● **Exercise requirements**
Each line below that contains the word "exists" must be copied.

● **Provided records**
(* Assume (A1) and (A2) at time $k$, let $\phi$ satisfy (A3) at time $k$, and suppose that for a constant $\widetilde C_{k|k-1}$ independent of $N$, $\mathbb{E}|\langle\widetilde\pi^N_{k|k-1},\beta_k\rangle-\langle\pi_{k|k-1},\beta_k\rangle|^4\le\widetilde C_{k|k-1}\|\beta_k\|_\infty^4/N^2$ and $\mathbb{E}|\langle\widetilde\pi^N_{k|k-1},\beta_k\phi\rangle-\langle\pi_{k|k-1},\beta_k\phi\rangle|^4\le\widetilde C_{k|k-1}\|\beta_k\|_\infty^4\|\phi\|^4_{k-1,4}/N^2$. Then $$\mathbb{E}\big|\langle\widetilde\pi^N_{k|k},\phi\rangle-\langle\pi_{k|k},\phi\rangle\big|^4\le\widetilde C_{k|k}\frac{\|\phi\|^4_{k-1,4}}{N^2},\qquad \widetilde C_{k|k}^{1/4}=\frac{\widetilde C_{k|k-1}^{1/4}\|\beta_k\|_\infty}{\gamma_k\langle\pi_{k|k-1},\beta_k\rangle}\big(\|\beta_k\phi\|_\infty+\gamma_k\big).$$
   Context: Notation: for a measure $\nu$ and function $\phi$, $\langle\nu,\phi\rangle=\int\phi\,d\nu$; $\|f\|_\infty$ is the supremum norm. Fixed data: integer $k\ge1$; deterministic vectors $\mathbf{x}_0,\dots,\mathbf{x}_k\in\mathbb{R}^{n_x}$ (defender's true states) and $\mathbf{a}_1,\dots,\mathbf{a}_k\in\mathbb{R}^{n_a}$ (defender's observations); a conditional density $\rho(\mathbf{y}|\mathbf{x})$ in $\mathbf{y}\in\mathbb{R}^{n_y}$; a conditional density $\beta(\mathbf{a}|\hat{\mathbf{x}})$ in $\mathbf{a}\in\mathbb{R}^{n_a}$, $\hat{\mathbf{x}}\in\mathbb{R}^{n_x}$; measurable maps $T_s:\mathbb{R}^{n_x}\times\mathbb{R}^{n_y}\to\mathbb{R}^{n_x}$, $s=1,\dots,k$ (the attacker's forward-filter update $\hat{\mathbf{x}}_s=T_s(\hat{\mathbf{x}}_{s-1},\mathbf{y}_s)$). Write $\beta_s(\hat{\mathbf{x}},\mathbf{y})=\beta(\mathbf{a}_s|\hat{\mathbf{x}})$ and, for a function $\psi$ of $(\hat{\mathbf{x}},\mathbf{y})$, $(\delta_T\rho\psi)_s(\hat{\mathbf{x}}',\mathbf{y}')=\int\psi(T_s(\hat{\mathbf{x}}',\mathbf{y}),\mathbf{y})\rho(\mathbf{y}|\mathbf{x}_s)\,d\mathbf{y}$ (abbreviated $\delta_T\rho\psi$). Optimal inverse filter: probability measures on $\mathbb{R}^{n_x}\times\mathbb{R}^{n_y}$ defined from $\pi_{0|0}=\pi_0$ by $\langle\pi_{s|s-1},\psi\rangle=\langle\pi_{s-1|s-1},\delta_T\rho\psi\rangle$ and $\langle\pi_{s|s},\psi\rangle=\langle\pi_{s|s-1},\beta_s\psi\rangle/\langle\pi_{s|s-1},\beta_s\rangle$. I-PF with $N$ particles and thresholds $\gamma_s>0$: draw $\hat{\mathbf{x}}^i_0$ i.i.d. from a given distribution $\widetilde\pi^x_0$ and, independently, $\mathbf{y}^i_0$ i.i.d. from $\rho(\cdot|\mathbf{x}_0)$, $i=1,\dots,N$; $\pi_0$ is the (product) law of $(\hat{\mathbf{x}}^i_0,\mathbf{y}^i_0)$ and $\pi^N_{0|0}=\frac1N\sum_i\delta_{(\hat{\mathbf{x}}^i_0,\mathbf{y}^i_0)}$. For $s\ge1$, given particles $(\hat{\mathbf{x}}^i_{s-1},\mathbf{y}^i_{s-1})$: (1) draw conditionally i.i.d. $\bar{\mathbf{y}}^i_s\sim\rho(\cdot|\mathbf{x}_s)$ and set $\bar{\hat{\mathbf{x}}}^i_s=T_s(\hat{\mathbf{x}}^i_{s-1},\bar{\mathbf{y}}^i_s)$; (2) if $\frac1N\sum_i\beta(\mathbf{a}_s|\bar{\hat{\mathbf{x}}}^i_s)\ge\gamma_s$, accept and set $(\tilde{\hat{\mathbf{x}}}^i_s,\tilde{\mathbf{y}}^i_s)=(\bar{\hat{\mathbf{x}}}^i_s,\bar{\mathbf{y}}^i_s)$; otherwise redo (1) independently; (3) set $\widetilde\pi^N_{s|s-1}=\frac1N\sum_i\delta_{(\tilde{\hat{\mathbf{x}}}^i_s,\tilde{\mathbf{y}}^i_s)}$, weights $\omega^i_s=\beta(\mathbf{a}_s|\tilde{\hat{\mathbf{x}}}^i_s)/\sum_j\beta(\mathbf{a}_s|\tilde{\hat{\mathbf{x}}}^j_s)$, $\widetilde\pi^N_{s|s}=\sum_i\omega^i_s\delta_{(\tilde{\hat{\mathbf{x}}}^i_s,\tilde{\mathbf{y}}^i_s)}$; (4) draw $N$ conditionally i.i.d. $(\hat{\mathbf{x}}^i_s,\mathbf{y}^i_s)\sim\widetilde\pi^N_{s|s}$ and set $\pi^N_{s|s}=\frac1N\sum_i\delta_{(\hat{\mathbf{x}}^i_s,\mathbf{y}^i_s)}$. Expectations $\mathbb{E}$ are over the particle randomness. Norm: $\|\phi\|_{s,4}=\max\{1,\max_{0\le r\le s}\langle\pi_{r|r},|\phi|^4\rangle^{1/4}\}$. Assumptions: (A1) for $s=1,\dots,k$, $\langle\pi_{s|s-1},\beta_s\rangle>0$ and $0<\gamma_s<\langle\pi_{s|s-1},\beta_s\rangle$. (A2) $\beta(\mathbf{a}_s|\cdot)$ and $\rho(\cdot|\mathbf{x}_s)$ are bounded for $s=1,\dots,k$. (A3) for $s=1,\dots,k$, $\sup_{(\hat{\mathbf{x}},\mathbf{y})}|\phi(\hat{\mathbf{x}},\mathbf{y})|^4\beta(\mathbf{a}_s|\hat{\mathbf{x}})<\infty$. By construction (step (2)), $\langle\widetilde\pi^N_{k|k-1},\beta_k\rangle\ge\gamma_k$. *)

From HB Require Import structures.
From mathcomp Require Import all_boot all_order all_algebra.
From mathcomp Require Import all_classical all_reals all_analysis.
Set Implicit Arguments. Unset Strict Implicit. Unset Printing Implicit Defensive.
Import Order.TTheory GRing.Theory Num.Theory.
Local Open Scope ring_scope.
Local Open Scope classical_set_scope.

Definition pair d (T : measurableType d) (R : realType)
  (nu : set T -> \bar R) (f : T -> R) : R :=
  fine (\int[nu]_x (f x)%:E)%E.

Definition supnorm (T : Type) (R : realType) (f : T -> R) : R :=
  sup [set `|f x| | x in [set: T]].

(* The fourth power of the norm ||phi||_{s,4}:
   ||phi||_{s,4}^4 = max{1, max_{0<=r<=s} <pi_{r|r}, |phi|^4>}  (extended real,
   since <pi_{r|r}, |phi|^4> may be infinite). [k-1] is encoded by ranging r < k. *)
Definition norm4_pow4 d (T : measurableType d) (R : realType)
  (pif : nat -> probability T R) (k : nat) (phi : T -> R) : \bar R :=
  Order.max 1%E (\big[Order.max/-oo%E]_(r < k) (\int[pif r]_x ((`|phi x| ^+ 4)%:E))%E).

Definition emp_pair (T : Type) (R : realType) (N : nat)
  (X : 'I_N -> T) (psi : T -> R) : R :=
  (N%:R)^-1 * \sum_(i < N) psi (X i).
--
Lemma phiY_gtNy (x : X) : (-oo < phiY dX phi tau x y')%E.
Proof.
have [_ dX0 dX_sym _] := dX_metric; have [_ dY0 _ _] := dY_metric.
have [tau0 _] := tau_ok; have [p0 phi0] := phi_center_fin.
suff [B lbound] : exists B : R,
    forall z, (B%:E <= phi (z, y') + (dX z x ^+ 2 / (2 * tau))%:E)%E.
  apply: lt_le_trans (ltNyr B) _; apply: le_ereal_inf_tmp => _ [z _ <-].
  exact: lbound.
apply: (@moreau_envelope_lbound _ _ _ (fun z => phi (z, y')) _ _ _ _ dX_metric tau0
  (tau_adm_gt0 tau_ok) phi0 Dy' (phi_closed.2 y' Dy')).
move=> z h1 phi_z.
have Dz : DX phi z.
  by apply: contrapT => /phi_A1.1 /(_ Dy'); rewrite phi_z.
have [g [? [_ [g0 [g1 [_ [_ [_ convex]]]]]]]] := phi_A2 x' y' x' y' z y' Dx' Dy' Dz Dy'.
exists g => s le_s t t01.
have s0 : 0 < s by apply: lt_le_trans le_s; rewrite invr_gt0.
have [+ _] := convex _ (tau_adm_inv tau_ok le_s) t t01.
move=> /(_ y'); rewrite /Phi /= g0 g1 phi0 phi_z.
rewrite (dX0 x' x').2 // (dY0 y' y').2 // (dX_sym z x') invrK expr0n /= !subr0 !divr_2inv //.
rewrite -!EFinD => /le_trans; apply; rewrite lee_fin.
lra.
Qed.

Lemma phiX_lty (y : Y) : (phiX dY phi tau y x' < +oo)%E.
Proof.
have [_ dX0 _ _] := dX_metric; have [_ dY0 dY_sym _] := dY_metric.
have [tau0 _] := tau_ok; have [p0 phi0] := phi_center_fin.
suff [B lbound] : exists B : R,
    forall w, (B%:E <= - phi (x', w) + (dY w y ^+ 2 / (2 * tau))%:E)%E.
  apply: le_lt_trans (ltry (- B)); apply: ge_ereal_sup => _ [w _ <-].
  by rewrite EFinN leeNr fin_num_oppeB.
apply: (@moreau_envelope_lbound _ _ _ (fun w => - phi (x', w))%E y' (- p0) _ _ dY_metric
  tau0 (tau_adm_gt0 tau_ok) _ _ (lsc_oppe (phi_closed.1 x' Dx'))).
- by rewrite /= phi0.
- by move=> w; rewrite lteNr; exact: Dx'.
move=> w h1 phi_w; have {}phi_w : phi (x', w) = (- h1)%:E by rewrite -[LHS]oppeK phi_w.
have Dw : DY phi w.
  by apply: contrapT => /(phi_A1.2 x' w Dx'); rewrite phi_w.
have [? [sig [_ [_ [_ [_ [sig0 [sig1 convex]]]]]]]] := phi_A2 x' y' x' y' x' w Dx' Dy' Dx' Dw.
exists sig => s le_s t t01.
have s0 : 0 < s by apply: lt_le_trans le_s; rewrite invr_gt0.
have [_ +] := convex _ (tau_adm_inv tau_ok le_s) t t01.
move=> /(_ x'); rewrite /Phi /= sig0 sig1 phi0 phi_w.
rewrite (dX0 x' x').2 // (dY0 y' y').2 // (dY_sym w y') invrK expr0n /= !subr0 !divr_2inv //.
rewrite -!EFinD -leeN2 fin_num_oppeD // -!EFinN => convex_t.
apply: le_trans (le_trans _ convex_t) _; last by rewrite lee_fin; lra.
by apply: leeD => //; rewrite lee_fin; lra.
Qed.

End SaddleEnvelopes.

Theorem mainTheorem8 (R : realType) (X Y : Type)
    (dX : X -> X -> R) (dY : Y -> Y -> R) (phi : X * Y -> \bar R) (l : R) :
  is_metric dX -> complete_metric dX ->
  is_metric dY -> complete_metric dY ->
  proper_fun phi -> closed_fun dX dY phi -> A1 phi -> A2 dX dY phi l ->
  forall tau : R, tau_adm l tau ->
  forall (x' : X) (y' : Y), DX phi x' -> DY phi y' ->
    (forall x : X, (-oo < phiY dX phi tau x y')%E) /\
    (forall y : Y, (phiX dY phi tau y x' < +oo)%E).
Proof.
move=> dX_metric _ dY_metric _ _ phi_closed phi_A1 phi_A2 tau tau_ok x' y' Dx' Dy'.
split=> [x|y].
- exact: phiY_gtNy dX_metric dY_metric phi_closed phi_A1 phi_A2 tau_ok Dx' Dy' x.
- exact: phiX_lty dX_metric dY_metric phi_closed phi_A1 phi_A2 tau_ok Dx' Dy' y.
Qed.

● **Exercise answer**
suff [B lbound] : exists B : R,
exists g => s le_s t t01.
suff [B lbound] : exists B : R,
exists sig => s le_s t t01.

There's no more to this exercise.